Input data below:

(* Let $n\ge 4$ and $k\ge 3$ be integers. Let $C_n=\{0,1,\dots,n-1\}$ be the $n$-element chain with the usual order, and let $C_2=\{0,1\}$. Let $K=C_n\times\dots\times C_n\times C_2$ be the direct product of $k$ copies of $C_n$ followed by one copy of $C_2$. Define $$e=(0,\dots,0,1,0),\qquad f=(n-2,\dots,n-2,n-1,0)\in K,$$ where the entry $1$ of $e$ and the entry $n-1$ of $f$ are in coordinate $k$. Let $L(n,k)=K\setminus[e,f]$ with the order inherited from $K$. Then $L(n,k)$ is an upper semimodular lattice with $2n^k-(n-1)^k$ elements and breadth $k$, and $L(n,k)$ fails to satisfy the $c_1$-median property.
   Context: $[e,f]=\{x\in K: e\le x\le f\}$, with the componentwise order on $K$. A lattice is upper semimodular if for all $x,y$, $x\wedge y\prec x$ implies $y\prec x\vee y$, where $\prec$ is the covering relation. The breadth of a lattice $L$ is the least positive integer $n$ such that every join of $m\ge n$ elements equals the join of some $n$ of those elements. For a lattice $L$ of finite length, $d(x,y)$ is the length of a shortest path between $x$ and $y$ in the undirected covering graph of $L$. For $\xi=(x_1,\dots,x_k)\in L^k$, an element $y\in L$ is a median of $\xi$ if $\sum_{i} d(y,x_i)$ is minimum over $L$. The lattice $L$ satisfies the $c_1$-median property if every median $y$ of every profile $\xi$ satisfies $y\le x_1\vee\dots\vee x_k$. *)

From mathcomp Require Import all_boot.
Set Implicit Arguments. Unset Strict Implicit. Unset Printing Implicit Defensive.

Section Generic.
Variables (T : finType) (le : rel T).

Definition partial_order :=
  [/\ forall x, le x x,
      forall x y, le x y -> le y x -> x = y &
      forall x y z, le x y -> le y z -> le x z].

Definition is_lub (x y j : T) : bool :=
  [&& le x j, le y j & [forall z, le x z ==> le y z ==> le j z]].
Definition is_glb (x y m : T) : bool :=
  [&& le m x, le m y & [forall z, le z x ==> le z y ==> le z m]].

End of Input data.

= Assigned task =
Check every line of the entries above, and copy those that carry the string "Definition".

= Exercise result =
Definition partial_order :=
Definition is_lub (x y j : T) : bool :=
Definition is_glb (x y m : T) : bool :=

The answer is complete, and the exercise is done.